Affected Versions and Patch Guidance
Palo Alto Networks has released patches addressing CVE-2026-0257. Organizations should:
- Immediately identify all PAN-OS and Prisma Access deployments in the environment
- Consult the Palo Alto Networks Security Advisory for the specific affected PAN-OS versions and corresponding fixed releases
- Apply patches as an emergency change — do not wait for scheduled maintenance windows given confirmed active exploitation
- Review GlobalProtect logs for anomalous authentication attempts, especially:
- Authentication events with no corresponding legitimate user activity
- Logins from unusual geographic locations or IP ranges
- Bursts of authentication attempts followed by sudden successful connections
Temporary Mitigations (if patching is delayed)

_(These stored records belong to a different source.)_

(* Let $1\le k<n$, let $\kappa_1,\dots,\kappa_n\in\mathbb C$ be pairwise distinct and $\beta_1,\dots,\beta_{n-1}\in\mathbb C^*$, with $\beta_0:=1$, and $I_k=\{1,\dots,k\}$. Let $A$ be the $k\times n$ matrix with $A_{ij}=\delta_{ij}$ for $j\le k$ and $$A_{ij}=\frac{\beta_{i-1}}{\beta_{j-1}(\kappa_j-\kappa_i)^2}\prod_{l\in I_k,\,l\ne i}\frac{\kappa_i-\kappa_l}{\kappa_j-\kappa_l}\qquad (i\le k<j\le n).$$ For every $k$-subset $J\subset[n]$, write $J=(I_k\setminus\{i_1,\dots,i_s\})\cup\{j_1,\dots,j_s\}$ with $i_1<\dots<i_s$ in $I_k$, $j_1<\dots<j_s$ in $[n]\setminus I_k$, $0\le s\le\min\{k,n-k\}$, and set $$\alpha_J=\frac{\prod_{1\le l<m\le s}(\kappa_{i_m}-\kappa_{i_l})^2(\kappa_{j_m}-\kappa_{j_l})^2}{\prod_{1\le l,m\le s}(\kappa_{j_m}-\kappa_{i_l})^2}\prod_{l=1}^s\frac{\beta_{i_l-1}}{\beta_{j_l-1}}$$ (empty products equal $1$). Then the maximal minor of $A$ on columns $J$ satisfies $A_J=\alpha_J\,K_{I_k}/K_J$, where $K_J=\prod_{i<j,\ i,j\in J}(\kappa_j-\kappa_i)$.
   Context: Here $n=g+1$ for the genus-$g$ banana graph; $\alpha_J$ are the coefficients $\exp[\tfrac12\mathbf c_J^TR\mathbf c_J]\exp[\mathbf c_J^T\mathbf D]$ of the degenerate theta function at the Delaunay vertex $\mathbf c_J$, with $\mathbf D=(\log\beta_1,\dots,\log\beta_g)$, written explicitly. *)

From HB Require Import structures.
From mathcomp Require Import all_boot all_order all_algebra.
From mathcomp Require Import complex reals.
Set Implicit Arguments. Unset Strict Implicit. Unset Printing Implicit Defensive.
Import Order.TTheory GRing.Theory Num.Theory.
Local Open Scope ring_scope.
(* The vector sum_i v_i e_(k i), i.e. vec(e_k v^T). *)
Definition kslice (k : 'I_n) (v : 'cV[R]_n) : 'cV[R]_(n * n) :=
  \sum_i v i 0 *: delta_mx (mxvec_index k i) 0.

Lemma moment_compress k (v : 'cV[R]_n) :
  bform Y (kslice k v) (kslice k v) = bform X v v.
Proof.
rewrite bform_combo bformE; apply: eq_bigr => i _; apply: eq_bigr => j _.
by rewrite -[Y _ _]/(y k i k j) moment_kikj mulrAC.
Qed.

Lemma ext_elliptope : elliptope2 X.
Proof.
split; first exact: ext_sym.
split; last exact: ext_diag.
split=> [|v]; first exact: ext_sym.
by rewrite -/(bform X v v) -(moment_compress ord0); apply: moment_psd.2.
Qed.

(* The (00) column of Y is vec X, and Y_{(00)(00)} = 1, so the gap
   Y - vec X vec X^T is the Schur complement of that entry. *)
Lemma gap_psd : psd gap.
Proof.
have Ye : Y *m delta_mx (mxvec_index ord0 ord0) 0 = vecc X.
  apply/colP => K; rewrite -colE [LHS]mxE; case/mxvec_indexP: K => i j.
  by rewrite vecc_E -[Y _ _]/(y i j ord0 ord0) moment_00.
have := @psd_schur R _ Y (delta_mx (mxvec_index ord0 ord0) 0) moment_psd.
rewrite bform_delta -[Y _ _]/(y ord0 ord0 ord0 ord0) moment_unit Ye invr1 scale1r.
by apply; apply: ltr01.
Qed.

Lemma gapE i j k l :
  gap (mxvec_index i j) (mxvec_index k l) = y i j k l - X i j * X k l.
Proof. by rewrite [LHS]mxE [X in _ + X]mxE outerE !vecc_E. Qed.

(* For v in ker X the vector p = kslice k v is isotropic for the gap (its
   Y-form is v^T X v = 0), hence annihilated by it. *)
Lemma gap_kernel k (v : 'cV[R]_n) : X *m v = 0 -> gap *m kslice k v = 0.
Proof.
move=> Xv; set p := kslice k v.
have qX : bform X v v = 0 by rewrite /bform -mulmxA Xv mulmx0 mxE.
apply: psd_kernel gap_psd _.
have h0 : 0 <= bform gap p p := gap_psd.2 p.
move: h0; rewrite bformBm bform_outer moment_compress qX sub0r.
have := sqr_ge0 (((vecc X)^T *m p) 0 0); rewrite expr2 => h1 h0.
lra.
Qed.

Lemma gap_col_pert (w : 'cV[R]_(n * n)) : pertE2 X (vec_mx (gap *m w)^T).
Proof.
have symG : gap^T = gap by case: gap_psd.
set A := vec_mx _; have AE i j : A i j = (gap *m w) (mxvec_index i j) 0.
  by rewrite !mxE.
apply/(pertE2P ext_elliptope); split.
- apply/matrixP => i j; rewrite mxE !AE !mxE; apply: eq_bigr => K _.
  case/mxvec_indexP: K => k l.
  by rewrite !gapE (swap12 j i) (mxsymE j i ext_sym).
- move=> i; rewrite AE mxE; apply: big1 => K _; case/mxvec_indexP: K => k l.
  by rewrite gapE moment_ii ext_diag mul1r subrr mul0r.
apply/submx_kerP => v Xv; apply/colP => k; rewrite [RHS]mxE.
have -> : (A *m v) k 0 = bform gap w (kslice k v).
  rewrite mxE bform_sumr; apply: eq_bigr => i _.
  by rewrite bformZr (bform_sym _ _ symG) bform_deltaL AE mulrC.
by rewrite /bform -mulmxA gap_kernel // mulmx0 mxE.
Qed.

Lemma gap_eigvec (v : 'cV[R]_(n * n)) (lam : R) :
  lam != 0 -> gap *m v = lam *: v -> exists A : 'M[R]_n, pertE2 X A /\ v = vecc A.
Proof.
move=> l0 Hv; exists (vec_mx (gap *m (lam^-1 *: v))^T).
split; first exact: gap_col_pert.
by rewrite vecc_vec_mx -scalemxAr Hv scalerA mulVf // scale1r.
Qed.

(* Y = gap + vec X vec X^T, the gap has rows in vec(pert X), and the
   second term has rank at most one. *)
Lemma rank_moment_le : (\rank Y <= \rank (pert_mx X) + 1)%N.
Proof.
have symG : gap^T = gap by case: gap_psd.
have gap_sub : (gap <= pert_mx X)%MS.
  apply/row_subP => j.
  move/(mem_pert_mx ext_elliptope): (gap_col_pert (delta_mx j 0)).
  by rewrite vec_mxK -colE tr_col symG.
rewrite -{1}(subrK (vecc X *m (vecc X)^T) Y).
apply: leq_trans (mxrank_add _ _) _; apply: leq_add; first exact: mxrankS.
exact: leq_trans (mxrankM_maxl _ _) (rank_leq_col _).
Qed.

(* At an extreme point the gap vanishes, so Y = vec X vec X^T and
   X = x x^T for the sign vector x = first column of X. *)
Lemma extreme_moment : extreme_E2 X -> Y = vecc X *m (vecc X)^T.
Proof.
move=> ext; apply/eqP; rewrite -subr_eq0; apply/eqP/matrixP => I J; rewrite [RHS]mxE.
have := extreme_no_pert ext (gap_col_pert (delta_mx J 0)).
move/(congr1 mxvec); rewrite vec_mxK linear0 => /(congr1 trmx); rewrite trmxK linear0.
by move/(congr1 (fun A : 'cV[R]_(n * n) => A I 0)); rewrite -colE !mxE.
Qed.

Lemma extreme_rank_one : extreme_E2 X ->
  [/\ \rank Y = 1%N, \rank X = 1%N &
      exists x : 'cV[R]_n,
        [/\ (forall i, x i 0 = 1 \/ x i 0 = -1), X = x *m x^T &
            Y = vecc (x *m x^T) *m (vecc (x *m x^T))^T]].
Proof.
move=> ext; have YM := extreme_moment ext.
pose x : 'cV[R]_n := col ord0 X.
have Xx : X = x *m x^T.
  apply/matrixP => i j; rewrite outerE !mxE -[LHS]EX /Yent YM outerE !vecc_E.
  by rewrite (mxsymE ord0 i ext_sym) (mxsymE ord0 j ext_sym).
have x_sign i : x i 0 = 1 \/ x i 0 = -1.
  have := ext_diag i; rewrite Xx outerE -expr2 => /eqP.
  by rewrite sqrf_eq1 => /orP[/eqP->|/eqP->]; [left|right].
have x0 : x ord0 0 != 0 by case: (x_sign ord0) => ->; rewrite ?oppr_eq0 oner_eq0.
split; first by rewrite YM (rank_outer (i := mxvec_index ord0 ord0)) // vecc_E ext_diag oner_eq0.
  by rewrite Xx (rank_outer x0).
by exists x; rewrite -Xx.
Qed.

End PseudoMoments.

Theorem theorem3 (R : realFieldType) (N : nat) (X : 'M[R]_N.+1)
    (Y : 'M[R]_(N.+1 * N.+1)) :
  elliptope4 X -> pseudomoment4 Y -> extends Y X ->
  let M := vecc X *m (vecc X)^T in
  let r := \rank X in
  [/\ psd (Y - M),
      (forall (v : 'cV[R]_(N.+1 * N.+1)) (lam : R),
          v != 0 -> lam != 0 -> (Y - M) *m v = lam *: v ->
          exists A : 'M[R]_N.+1, pertE2 X A /\ v = vecc A),
      (exists V : {vspace 'M[R]_N.+1},
          [/\ (forall A, A \in V <-> pertE2 X A),
              (\rank Y <= \dim V + 1)%N,
              (\dim V + \rank (hadamard_sq X) = (r * (r + 1)) %/ 2)%N &
              (\dim V + 1 <= (r * (r + 1)) %/ 2)%N]) &
      (extreme_E2 X ->
         [/\ \rank Y = 1%N, r = 1%N &
             exists x : 'cV[R]_N.+1,
               [/\ (forall i, x i 0 = 1 \/ x i 0 = -1),
                   X = x *m x^T &
                   Y = vecc (x *m x^T) *m (vecc (x *m x^T))^T]])].
Proof.
move=> _ PY EX M r.
have eX := ext_elliptope PY EX.
have [V [memV dimV]] := pert_vspace eX.
split.
- exact: gap_psd PY EX.
- by move=> v lam _; rewrite /M; exact: gap_eigvec.
- exists V; rewrite dimV; split=> //.
  + exact: rank_moment_le PY EX.
  + exact: rank_pert_mx eX.
  + exact: rank_pert_mx_lt eX ord0.
- exact: extreme_rank_one PY EX.
Qed.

If an emergency patch cannot be applied immediately:
- Restrict GlobalProtect portal and gateway access to known IP ranges at the network perimeter (firewall ACLs, upstream filtering)
- Enable multi-factor authentication on all GlobalProtect user accounts — a bypass of password authentication may still be blocked by MFA depending on implementation
- Increase logging verbosity on GlobalProtect and forward logs to SIEM for real-time alerting on anomalous patterns
- Enable Threat Prevention profiles on the zones adjacent to the GlobalProtect gateway
Detection Guidance
Organizations should search for indicators of exploitation in PAN-OS system and traffic logs:
# Check GlobalProtect authentication logs for anomalies (via PAN-OS CLI)
show log system direction equal forward | match globalprotect
# Look for authentication bypass indicators
show log system | match "CVE-2026-0257\|auth bypass\|authentication failed.*globalprotect"
# Review active GlobalProtect sessions for unexpected sources
show global-protect-gateway current-userIn SIEM environments, alert on:
- GlobalProtect sessions established without a corresponding RADIUS/LDAP authentication event
- Sessions from IP addresses not in the corporate VPN user population
- Rapid sequential session establishment from the same IP (scanning activity)
Broader Context: VPN Exploitation in 2026
The exploitation of CVE-2026-0257 continues a pattern of sustained attacker focus on VPN and remote access appliances. In 2026 alone, confirmed active exploitation of VPN-class vulnerabilities has included Cisco SD-WAN, Fortinet FortiClient EMS, and Ivanti EPMM — reflecting an industry-wide challenge in securing network perimeter appliances at the pace that threats require.
The Cybersecurity and Infrastructure Security Agency (CISA) has consistently flagged VPN vulnerabilities for priority remediation under its Known Exploited Vulnerabilities (KEV) catalog. Organizations with affected Palo Alto Networks infrastructure should anticipate KEV addition and treat this as a federal-grade remediation priority regardless of sector.
Summary
CVE-2026-0257 is an actively exploited authentication bypass in Palo Alto Networks GlobalProtect that gives threat actors a direct path into enterprise networks without valid credentials. Patches are available and must be applied immediately. Organizations that cannot patch immediately should implement compensating controls and increase monitoring on GlobalProtect infrastructure. Given the track record of rapid exploitation following Palo Alto Networks VPN disclosures, every hour without a patch represents elevated and growing risk.